▸ **What you need to do**:
Every line of the data that includes "most" should be copied out.
= Beginning of Section =
(* Let $P:\mathcal V\to\{\mathtt{true},\mathtt{false}\}$ and $PA:\mathcal A\to\{\mathtt{true},\mathtt{false}\}$ be labelings, $c$ a command, and $\rho_1,\rho_2,\mu_1,\mu_2$ scalar and array states. Assume: (1) $\mathtt b\notin\mathrm{UsedVars}(c)$ and $\rho_1(\mathtt b)=\rho_2(\mathtt b)=0$; (2) $|a|_{\mu_1}>0$ and $|a|_{\mu_2}>0$ for every array $a$; (3) $P;PA\vdash_{\mathtt{true}} c$ (IFC well-typed), $\rho_1\sim_P\rho_2$ and $\mu_1\sim_{PA}\mu_2$; (4) $\langle c,\rho_1,\mu_1\rangle\approx\langle c,\rho_2,\mu_2\rangle$. Then $\langle \mathrm{FiSLH}_P(c),\rho_1,\mu_1,\mathtt{false}\rangle\approx_s\langle \mathrm{FiSLH}_P(c),\rho_2,\mu_2,\mathtt{false}\rangle$.
   Context: Language AWhile: scalar variables $X\in\mathcal V$, array names $a\in\mathcal A$. Arithmetic expressions $e::=n\ (n\in\mathbb N)\mid X\mid \mathrm{op}_{\mathbb N}(e,\dots,e)\mid be\,?\,e_1:e_2$; boolean expressions $be::=\mathtt{true}\mid\mathtt{false}\mid\mathrm{cmp}(e,e)\mid\mathrm{op}_{\mathbb B}(be,\dots,be)$; commands $c::=\mathtt{skip}\mid X:=e\mid c_1;c_2\mid \mathtt{if}\ be\ \mathtt{then}\ c_1\ \mathtt{else}\ c_2\mid\mathtt{while}\ be\ \mathtt{do}\ c\mid X\leftarrow a[e]\mid a[e]\leftarrow e'$. A scalar state is $\rho:\mathcal V\to\mathbb N$; an array state $\mu$ gives each array $a$ a size $|a|_\mu$ and values $\mu(a)[i]$ for $0\le i<|a|_\mu$. $[\![e]\!]_\rho,[\![be]\!]_\rho$ denote the usual pure evaluation (the conditional expression produces no observation). $\rho[X\mapsto v]$, $\mu[a[i]\mapsto v]$ are updates. $\mathrm{UsedVars}(c)$ is the set of scalar variables occurring in $c$. A distinguished scalar variable $\mathtt b$ is reserved as misspeculation flag. Sequential semantics: steps $\langle c,\rho,\mu\rangle\xrightarrow{o}\langle c',\rho',\mu'\rangle$, $o$ an observation $\mathrm{branch}(v)$, $\mathrm{read}(a,i)$, $\mathrm{write}(a,i)$, or none. Rules: $X:=e\to\mathtt{skip}$ with $\rho[X\mapsto[\![e]\!]_\rho]$, no obs; if $c_1\xrightarrow{o}c_1'$ then $c_1;c_2\xrightarrow{o}c_1';c_2$; $\mathtt{skip};c\to c$, no obs; $\mathtt{if}\ be\ \mathtt{then}\ c_{\mathtt{true}}\ \mathtt{else}\ c_{\mathtt{false}}\to c_{v}$ with $v=[\![be]\!]_\rho$, obs $\mathrm{branch}(v)$; $\mathtt{while}\ be\ \mathtt{do}\ c\to\mathtt{if}\ be\ \mathtt{then}\ (c;\mathtt{while}\ be\ \mathtt{do}\ c)\ \mathtt{else}\ \mathtt{skip}$, no obs; $X\leftarrow a[ie]\to\mathtt{skip}$ with $\rho[X\mapsto\mu(a)[i]]$, obs $\mathrm{read}(a,i)$, where $i=[\![ie]\!]_\rho<|a|_\mu$; $a[ie]\leftarrow e\to\mathtt{skip}$ with $\mu[a[i]\mapsto[\![e]\!]_\rho]$, obs $\mathrm{write}(a,i)$, where $i=[\![ie]\!]_\rho<|a|_\mu$. $\xrightarrow{O}{}^*$ is the reflexive-transitive closure, $O$ the list of produced observations. Speculative semantics: configurations $\langle c,\rho,\mu,\beta\rangle$ with boolean misspeculation flag $\beta$; steps $\xrightarrow[d]{o}$ with optional directive $d\in\{\mathit{step},\mathit{force},\mathrm{load}(a',j),\mathrm{store}(a',j)\}$. Assignment, sequence, skip and while rules are as sequentially, keep $\beta$ and use no directive. Conditional: with $\mathit{step}$ go to $c_v$, $v=[\![be]\!]_\rho$, flag unchanged, obs $\mathrm{branch}(v)$; with $\mathit{force}$ go to $c_{\neg v}$, flag set to $\mathtt{true}$, obs $\mathrm{branch}(v)$. Read/write with $\mathit{step}$: as sequentially (requires $i<|a|_\mu$), flag unchanged. Read with $\mathrm{load}(a',j)$: only if $\beta=\mathtt{true}$, $i=[\![ie]\!]_\rho\ge|a|_\mu$, $j<|a'|_\mu$; sets $X$ to $\mu(a')[j]$, obs $\mathrm{read}(a,i)$. Write with $\mathrm{store}(a',j)$: only if $\beta=\mathtt{true}$, $i\ge|a|_\mu$, $j<|a'|_\mu$; sets $\mu[a'[j]\mapsto[\![e]\!]_\rho]$, obs $\mathrm{write}(a,i)$. Multi-step $\xrightarrow[D]{O}{}^*$ with $D$ the list of directives. Observational equivalences: $\langle c_1,\rho_1,\mu_1\rangle\approx\langle c_2,\rho_2,\mu_2\rangle$ iff for all $O_1,O_2$ such that $\langle c_k,\rho_k,\mu_k\rangle\xrightarrow{O_k}{}^*$ some configuration ($k=1,2$), one of $O_1,O_2$ is a prefix of the other. $\langle c_1,\rho_1,\mu_1,\beta_1\rangle\approx_s\langle c_2,\rho_2,\mu_2,\beta_2\rangle$ iff for all $D,O_1,O_2$, if $\langle c_k,\rho_k,\mu_k,\beta_k\rangle\xrightarrow[D]{O_k}{}^*$ some configuration ($k=1,2$) then $O_1=O_2$. Labels: booleans, $\mathtt{true}$=public, $\mathtt{false}$=secret; $\ell_1\sqsubseteq\ell_2$ iff $\ell_2=\mathtt{true}\Rightarrow\ell_1=\mathtt{true}$; $\ell_1\sqcup\ell_2=\ell_1\wedge\ell_2$. For $P:\mathcal V\to$ labels, $P(e)$ and $P(be)$ are public iff every scalar variable occurring in the expression is public. $\rho_1\sim_P\rho_2$ iff $\rho_1(X)=\rho_2(X)$ whenever $P(X)=\mathtt{true}$; $\mu_1\sim_{PA}\mu_2$ iff for all $a$ with $PA(a)=\mathtt{true}$, $|a|_{\mu_1}=|a|_{\mu_2}$ and contents agree. IFC typing $P;PA\vdash_{pc}c$: $\mathtt{skip}$ always; $X:=e$ if $pc\sqcup P(e)\sqsubseteq P(X)$; $c_1;c_2$ if both typed under $pc$; $\mathtt{if}\ be\ \mathtt{then}\ c_1\ \mathtt{else}\ c_2$ if $c_1,c_2$ typed under $pc\sqcup P(be)$; $\mathtt{while}\ be\ \mathtt{do}\ c$ if $c$ typed under $pc\sqcup P(be)$; $X\leftarrow a[i]$ if $pc\sqcup P(i)\sqcup PA(a)\sqsubseteq P(X)$; $a[i]\leftarrow e$ if $pc\sqcup P(i)\sqcup P(e)\sqsubseteq PA(a)$. Index-SLH recipe with parameters $B(be)$, $R(X,i)$, $W(i,e)$: $[\![\mathtt{skip}]\!]=\mathtt{skip}$; $[\![X:=e]\!]=X:=e$; $[\![c_1;c_2]\!]=[\![c_1]\!];[\![c_2]\!]$; $[\![\mathtt{if}\ be\ \mathtt{then}\ c_1\ \mathtt{else}\ c_2]\!]=\mathtt{if}\ B(be)\ \mathtt{then}\ (\mathtt b:=B(be)\,?\,\mathtt b:1;[\![c_1]\!])\ \mathtt{else}\ (\mathtt b:=B(be)\,?\,1:\mathtt b;[\![c_2]\!])$; $[\![\mathtt{while}\ be\ \mathtt{do}\ c]\!]=(\mathtt{while}\ B(be)\ \mathtt{do}\ (\mathtt b:=B(be)\,?\,\mathtt b:1;[\![c]\!]));\ \mathtt b:=B(be)\,?\,1:\mathtt b$; $[\![X\leftarrow a[i]]\!]=X\leftarrow a[R(X,i)]$; $[\![a[i]\leftarrow e]\!]=a[W(i,e)]\leftarrow e$. Write $m(i)=(\mathtt b==1)\,?\,0:i$. $\mathrm{FiSLH}_P$ is the instance with $B(be)=(\mathtt b==0\ \&\&\ be)$ if $P(be)=\mathtt{false}$ and $be$ otherwise; $R(X,i)=m(i)$ if $P(X)=\mathtt{true}$ or $P(i)=\mathtt{false}$, else $i$; $W(i,e)=m(i)$ if $P(e)=\mathtt{false}$ or $P(i)=\mathtt{false}$, else $i$. *)

From Stdlib Require Import String List Bool Arith.
Import ListNotations.
Open Scope list_scope.

Definition var := string.
Definition arr := string.

Definition msf : var := "b"%string.

Inductive aexp : Type :=
| ANum (n : nat)
| AId (x : var)
| ABin (op : nat -> nat -> nat) (e1 e2 : aexp)
| ACTIf (be : bexp) (e1 e2 : aexp)
with bexp : Type :=
| BTrue
| BFalse
| BCmp (cmp : nat -> nat -> bool) (e1 e2 : aexp)
| BNot (be : bexp)
| BBin (op : bool -> bool -> bool) (be1 be2 : bexp).

Inductive com : Type :=
| Skip
| Asgn (x : var) (e : aexp)
| Seq (c1 c2 : com)
| If (be : bexp) (c1 c2 : com)
| While (be : bexp) (c : com)
| ARead (x : var) (a : arr) (i : aexp)
| AWrite (a : arr) (i : aexp) (e : aexp).

Definition state := var -> nat.
Definition astate := arr -> list nat.       (* mu: |a| = length (mu a), mu(a)[i] = nth i (mu a) 0 *)

Definition upd (rho : state) (x : var) (v : nat) : state :=
  fun y => if String.eqb x y then v else rho y.

Fixpoint list_upd (l : list nat) (i : nat) (v : nat) : list nat :=
  match l, i with
  | [], _ => []
  | _ :: t, 0 => v :: t
  | h :: t, S i' => h :: list_upd t i' v
  end.

Definition aupd (mu : astate) (a : arr) (i : nat) (v : nat) : astate :=
  fun b => if String.eqb a b then list_upd (mu a) i v else mu b.

Fixpoint aeval (rho : state) (e : aexp) : nat :=
  match e with
  | ANum n => n
  | AId x => rho x
  | ABin op e1 e2 => op (aeval rho e1) (aeval rho e2)
  | ACTIf be e1 e2 => if beval rho be then aeval rho e1 else aeval rho e2
  end
with beval (rho : state) (be : bexp) : bool :=
  match be with
  | BTrue => true
  | BFalse => false
  | BCmp cmp e1 e2 => cmp (aeval rho e1) (aeval rho e2)
  | BNot b1 => negb (beval rho b1)
  | BBin op b1 b2 => op (beval rho b1) (beval rho b2)
  end.

Fixpoint avars (e : aexp) : list var :=
  match e with
  | ANum _ => []
  | AId x => [x]
  | ABin _ e1 e2 => avars e1 ++ avars e2
  | ACTIf be e1 e2 => bvars be ++ avars e1 ++ avars e2
  end
with bvars (be : bexp) : list var :=
  match be with
  | BTrue | BFalse => []
  | BCmp _ e1 e2 => avars e1 ++ avars e2
  | BNot b1 => bvars b1
  | BBin _ b1 b2 => bvars b1 ++ bvars b2
  end.

Fixpoint used_vars (c : com) : list var :=
  match c with
  | Skip => []
  | Asgn x e => x :: avars e
  | Seq c1 c2 => used_vars c1 ++ used_vars c2
  | If be c1 c2 => bvars be ++ used_vars c1 ++ used_vars c2
  | While be c => bvars be ++ used_vars c
  | ARead x _ i => x :: avars i
  | AWrite _ i e => avars i ++ avars e
  end.

Inductive observation : Type :=
| OBranch (v : bool)
| ORead (a : arr) (i : nat)
| OWrite (a : arr) (i : nat).
Section Reduction.
Variable H : AGroup.
Local Notation G := (prod_group H).
Local Notation "1" := (gone G).
Implicit Types (i : FGA H) (e : bool) (g x y z : G) (M : syllables H) (u v : A1_word H).

Lemma hletterM x y : A1_eq [:: hletter x; hletter y] [:: hletter (x ** y)].
Proof. exact/A1_rel_eq/rel_HH. Qed.

Lemma hletter1 : A1_eq [:: hletter 1] [::].
Proof. exact/A1_rel_eq/rel_H1. Qed.

Lemma nf_word_exists u : exists w, A1_eq u (nf_word w).
Proof.
elim: u => [|l u [[g M] IH]]; first by exists (1, [::]); apply/A1_sym/hletter1.
have {}IH := A1_eq_catl [:: l] IH; rewrite cat1s in IH.
case: l IH => [a b|i|i] IH.
- exists (((a, b) : G) ** g, M); apply: A1_trans IH _.
  exact (A1_eq_catr (syl_word M) (hletterM (a, b) g)).
- exists (1, (i, true, g) :: M); apply: A1_trans IH _.
  exact/A1_sym/(A1_eq_catr (LT i :: hletter g :: syl_word M) hletter1).
- exists (1, (i, false, g) :: M); apply: A1_trans IH _.
  exact/A1_sym/(A1_eq_catr (LTi i :: hletter g :: syl_word M) hletter1).
Qed.

Fixpoint mul_last M z : syllables H :=
  match M with
  | [::] => [::]
  | [:: (i, e, g)] => [:: (i, e, g ** z)]
  | s :: M' => s :: mul_last M' z
  end.

Lemma size_mul_last M z : size (mul_last M z) = size M.
Proof. by elim: M => [|[[i e] g] [|s M] IH] //=; rewrite IH. Qed.

Lemma syl_word_mul_last M z : M <> [::] ->
  A1_eq (syl_word M ++ [:: hletter z]) (syl_word (mul_last M z)).
Proof.
elim: M => [|[[i e] g] [|s M] IH] // _; first exact (A1_eq_catl [:: tletter i e] (hletterM g z)).
exact (A1_eq_catl [:: tletter i e; hletter g] (IH ltac:(done))).
Qed.
(* Let \(\mathbf{m}_i =\left(\langle x_0^{(k)}\, x_1^{(\ell)}\rangle_i\;|\;(k,\ell) \in \mathcal{E}\right)\) be a message encoding vector with unnormalized associated message encoding state \[\sigma_{\mathbf{m}_i}=\sum_{k<\ell}|B_{\langle x_0^{(k)} x_1^{(\ell)}\rangle_i}\rangle\langle B_{\langle x_0^{(k)} x_1^{(\ell)}\rangle_i}|_{k,\ell}\otimes \mathds{1}_{[N]\backslash {\{k,\ell\}}}.\] Then the largest eigenvalue satisfies \[\lambda_{\textup{max}}(\sigma_{\mathbf{m}_{i}})\leq \frac{N^2}{4} +\frac{N}{4}-\frac{1}{2}.\]
   Context: Consider an \(N\)-qubit register with sites indexed by \([N]=\{1,\dots,N\}\). The index-encoding set is \(\mathcal{E}=\{(k,\ell): k,\ell\in[N],\ k<\ell\}\), so \(|\mathcal{E}|=N(N-1)/2\). Messages are \(x=x_0x_1\in X=\{00,01,10,11\}\). A message encoding vector \(\mathbf{m}_i\in X^{\mathcal{E}}\) assigns to each pair \((k,\ell)\in\mathcal{E}\) a two-bit message, denoted \(\langle x_0^{(k)} x_1^{(\ell)}\rangle_i\). The two-qubit Bell states are \(|B_{xy}\rangle=\frac{1}{\sqrt{2}}(|0y\rangle+(-1)^x|1\bar y\rangle)\) for \(x,y\in\{0,1\}\), with \(\bar y\) the negation of \(y\). In the sum, \(|B\rangle\langle B|_{k,\ell}\) acts on qubits \(k\) and \(\ell\), and \(\mathds{1}_{[N]\backslash\{k,\ell\}}\) is the identity on all remaining qubits of the register. *)

From HB Require Import structures.
From mathcomp Require Import all_boot all_order all_algebra all_field.
Set Implicit Arguments. Unset Strict Implicit. Unset Printing Implicit Defensive.
Import Order.TTheory GRing.Theory Num.Theory.
Local Open Scope ring_scope.

(* Computational basis of N qubits: index i : 'I_(2^N); qubit j (0-based,
   site j+1 of the paper) of basis state i is the j-th binary digit of i. *)
Definition qbit (N : nat) (i : 'I_(2 ^ N)) (j : 'I_N) : bool := odd (i %/ 2 ^ j).

(* Two-qubit basis |a b> (a on the first qubit, b on the second) as index in 'I_4. *)
Definition idx2 (a b : bool) : 'I_4 := inord (2 * a + b).

Definition bell (x y : bool) : 'cV[algC]_4 :=
  \col_(r < 4)
    ((if r == idx2 false y then 1
      else if r == idx2 true (~~ y) then (-1) ^+ x else 0) / sqrtC 2%:R).

Definition bellproj (x y : bool) : 'M[algC]_4 :=
  bell x y *m map_mx Num.conj ((bell x y)^T).

(* Message encoding vector: assigns a two-bit message (x0, x1) to every pair
   (k, l) with k < l; values at pairs with k >= l are irrelevant. *)
Definition msg_vec (N : nat) := 'I_N -> 'I_N -> bool * bool.

(* |B><B|_{k,l} (x) 1_{[N] \ {k,l}} acting on the 2^N-dimensional register. *)
Definition pair_op (N : nat) (P : 'M[algC]_4) (k l : 'I_N) : 'M[algC]_(2 ^ N) :=
  \matrix_(i, j)
    ((if [forall q : 'I_N, (q != k) && (q != l) ==> (qbit i q == qbit j q)]
      then 1 else 0)
     * P (idx2 (qbit i k) (qbit i l)) (idx2 (qbit j k) (qbit j l))).

Definition sigma_m (N : nat) (m : msg_vec N) : 'M[algC]_(2 ^ N) :=
  \sum_(k < N) \sum_(l < N | (k < l)%N)
     pair_op (bellproj (m k l).1 (m k l).2) k l.

From HB Require Import structures.
From mathcomp Require Import all_boot all_order all_algebra all_field.
From mathcomp Require Import ring.
Set Implicit Arguments. Unset Strict Implicit. Unset Printing Implicit Defensive.
Import Order.TTheory GRing.Theory Num.Theory.
Local Open Scope ring_scope.

(* Since sigma_m is Hermitian, its eigenvalues are bounded by the quadratic
   form of the entrywise majorant |sigma_m| on nonnegative vectors.  The term
   of a pair (k, l) has entries of modulus 1/2 exactly between basis states
   that agree outside {k, l} and whose (k, l)-qubits lie in the support of the
   Bell state; off the diagonal, each such state i is linked only to the state
   obtained by flipping qubits k and l.  Weight i by d_k(i), the number of l
   for which the (k, l)-qubits of i lie in the Bell support: flipping qubit k
   turns d_k(i) into N - d_k(i), so a weighted Schur test bounds the (k, l)-form
   by the sum of u_i^2 N / d_k(i) over the supported i.  Symmetrizing in (k, l)
   and summing over l leaves at most N/4 per k, hence every eigenvalue is at
   most N^2/4, which is below the claimed bound as soon as N >= 2. *)

Lemma hermitian_eigenvalue_le (C : numClosedFieldType) (n : nat)
    (A : 'M[C]_n) (b a : C) :
  (forall i j, A j i = (A i j)^*) ->
  (forall u : 'I_n -> C, (forall i, 0 <= u i) ->
     \sum_i \sum_j u i * u j * `|A i j| <= b * \sum_i u i ^+ 2) ->
  eigenvalue A a -> a <= b.
Proof.
move=> A_herm A_bound /eigenvalueP [v vA v_neq0].
pose u i := `|v 0 i|.
pose q := \sum_i \sum_j v 0 i * A i j * (v 0 j)^*.
have q_eig : q = a * \sum_i u i ^+ 2.
  rewrite /q exchange_big mulr_sumr; apply: eq_bigr => j _.
  have /matrixP/(_ 0 j) := vA; rewrite !mxE => vAj.
  by rewrite -mulr_suml vAj /u normCK mulrA.
have q_real : q \is Num.real.
  rewrite CrealE /q rmorph_sum; apply/eqP; rewrite [RHS]exchange_big.
  apply: eq_bigr => i _; rewrite rmorph_sum; apply: eq_bigr => j _.
  by rewrite !rmorphM /= conjCK -A_herm mulrC mulrA mulrAC.
have q_le : q <= b * \sum_i u i ^+ 2.
  apply: le_trans (real_ler_norm q_real) (le_trans _ (A_bound u _)); last first.
    by move=> i; apply: normr_ge0.
  apply: le_trans (ler_norm_sum _ _ _) _; apply: ler_sum => i _.
  apply: le_trans (ler_norm_sum _ _ _) _; apply: ler_sum => j _.
  by rewrite !normrM norm_conjC mulrAC.
have [j v_j] : exists j, v 0 j != 0.
  case: (pickP (fun j => v 0 j != 0)) => [j ? | v0]; first by exists j.
  case/eqP: v_neq0; apply/matrixP => i j; rewrite ord1 mxE.
  exact/eqP/negbFE/v0.
have nv_gt0 : 0 < \sum_i u i ^+ 2.
  rewrite (bigD1 j) //= ltr_pwDl ?exprn_gt0 ?normr_gt0 //.
  by apply: sumr_ge0 => i _; rewrite exprn_ge0 // normr_ge0.
by rewrite -(ler_pM2r nv_gt0) -q_eig.
Qed.

Lemma eigenvalue0 (F : fieldType) n (a : F) : eigenvalue (0 : 'M_n) a -> a = 0.
Proof.
case/eigenvalueP=> v /esym/eqP; rewrite mulmx0 scaler_eq0.
by case/predU1P=> [// | ->].
Qed.

Lemma mulr_le_weighted_mean (F : numFieldType) (a b x y : F) :
    0 < a -> 0 < b -> x \is Num.real -> y \is Num.real ->
  x * y <= (b / a * x ^+ 2 + a / b * y ^+ 2) / 2%:R.
Proof.
move=> a_gt0 b_gt0 x_real y_real.
have ab2_gt0 : 0 < a * b * 2%:R by rewrite !mulr_gt0 ?ltr0n.
rewrite -(ler_pM2r ab2_gt0).
have -> : x * y * (a * b * 2%:R) = (b * x) * (a * y) *+ 2 by rewrite mulr_natr; ring.
have -> : (b / a * x ^+ 2 + a / b * y ^+ 2) / 2%:R * (a * b * 2%:R)
    = (b * x) ^+ 2 + (a * y) ^+ 2.
  by field; rewrite !gt_eqF.
by apply: (real_leif_mean_square_scaled _ _).1; apply: rpredM => //; apply: gtr0_real.
Qed.

Lemma weighted_schur_bound (F : numFieldType) (I : finType)
    (R : I -> I -> F) (w u : I -> F) :
    (forall i j, R j i = R i j) -> (forall i j, 0 <= R i j) ->
    (forall i j, R i j != 0 -> 0 < w i) -> (forall i, u i \is Num.real) ->
  \sum_i \sum_j R i j * (u i * u j)
    <= \sum_i u i ^+ 2 * \sum_j R i j * (w j / w i).
Proof.
move=> R_sym R_ge0 w_gt0 u_real.
pose X i j := R i j * (w j / w i) * u i ^+ 2.
have X_bound i j : R i j * (u i * u j) <= (X i j + X j i) / 2%:R.
  have [R0|Rn0] := eqVneq (R i j) 0.
    by rewrite /X R0 R_sym R0 !mul0r add0r mul0r.
  have Rn0' : R j i != 0 by rewrite R_sym.
  have -> : (X i j + X j i) / 2%:R
      = R i j * ((w j / w i * u i ^+ 2 + w i / w j * u j ^+ 2) / 2%:R).
    by rewrite /X R_sym; ring.
  rewrite ler_wpM2l //; apply: mulr_le_weighted_mean => //.
  - exact: w_gt0 Rn0.
  - exact: w_gt0 Rn0'.
apply: le_trans (_ : _ <= \sum_i \sum_j (X i j + X j i) / 2%:R) _.
  by apply: ler_sum => i _; apply: ler_sum => j _.
have -> : \sum_i \sum_j (X i j + X j i) / 2%:R = \sum_i \sum_j X i j.
  under eq_bigr => i _ do rewrite -mulr_suml big_split /=.
  by rewrite -mulr_suml big_split /= [X in _ + X]exchange_big /=; field.
apply: ler_sum => i _; rewrite mulr_sumr.
by apply: ler_sum => j _; rewrite /X mulrC.
Qed.

Lemma sum_ltn_pairs (V : nmodType) (n : nat) (F : 'I_n -> 'I_n -> V) :
  \sum_(k < n) \sum_(l < n | (k < l)%N) (F k l + F l k)
  = \sum_(k < n) \sum_(l < n | l != k) F k l.
Proof.
have split_neq (k : 'I_n) : \sum_(l | l != k) F k l
    = \sum_(l < n | (k < l)%N) F k l + \sum_(l < n | (l < k)%N) F k l.
  rewrite (bigID (fun l : 'I_n => (k < l)%N)) /=.
  by congr (_ + _); apply: eq_bigl => l; rewrite -val_eqE /=; case: ltngtP.
under eq_bigr => k _ do rewrite big_split.
under [RHS]eq_bigr => k _ do rewrite split_neq.
rewrite !big_split /=; congr (_ + _).
by rewrite (exchange_big_dep predT).
Qed.

Lemma nat_bits_inj (N i j : nat) : (i < 2 ^ N)%N -> (j < 2 ^ N)%N ->
  (forall q, (q < N)%N -> odd (i %/ 2 ^ q) = odd (j %/ 2 ^ q)) -> i = j.
Proof.
elim: N i j => [|N IHN] i j i_lt j_lt bits_eq.
  by move: i_lt j_lt; rewrite expn0 !ltnS !leqn0 => /eqP -> /eqP ->.
have odd_eq := bits_eq 0%N isT; rewrite expn0 !divn1 in odd_eq.
have half_eq : i./2 = j./2.
  apply: IHN; rewrite -?divn2 ?ltn_divLR -?expnSr // => q q_lt.
  by rewrite -!divnMA -expnS; apply: bits_eq.
by rewrite -[i]odd_double_half -[j]odd_double_half odd_eq half_eq.
Qed.

Lemma qbit_inj N (i j : 'I_(2 ^ N)) : (forall q, qbit i q = qbit j q) -> i = j.
Proof.
move=> bits_eq; apply: val_inj => /=.
exact: nat_bits_inj (ltn_ord i) (ltn_ord j) (fun q q_lt => bits_eq (Ordinal q_lt)).
Qed.

Lemma bell_real x y r : bell x y r 0 \is Num.real.
Proof.
rewrite mxE rpredM //; last by rewrite rpredV ger0_real // sqrtC_ge0 ler0n.
by case: ifP => _; rewrite ?rpred1 //; case: ifP => _; rewrite ?rpredX ?rpredN ?rpred1 ?rpred0.
Qed.

Lemma bellprojE x y r c : bellproj x y r c = bell x y r 0 * bell x y c 0.
Proof. by move: (bell_real x y c); rewrite !mxE big_ord1 !mxE => /conj_Creal ->. Qed.

Lemma bellproj_hermitian x y r c : bellproj x y c r = (bellproj x y r c)^*.
Proof. by rewrite !bellprojE conj_Creal ?rpredM ?bell_real // mulrC. Qed.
= End of Section =
▸ **Exercise solution**:
   and summing over l leaves at most N/4 per k, hence every eigenvalue is at
   most N^2/4, which is below the claimed bound as soon as N >= 2. *)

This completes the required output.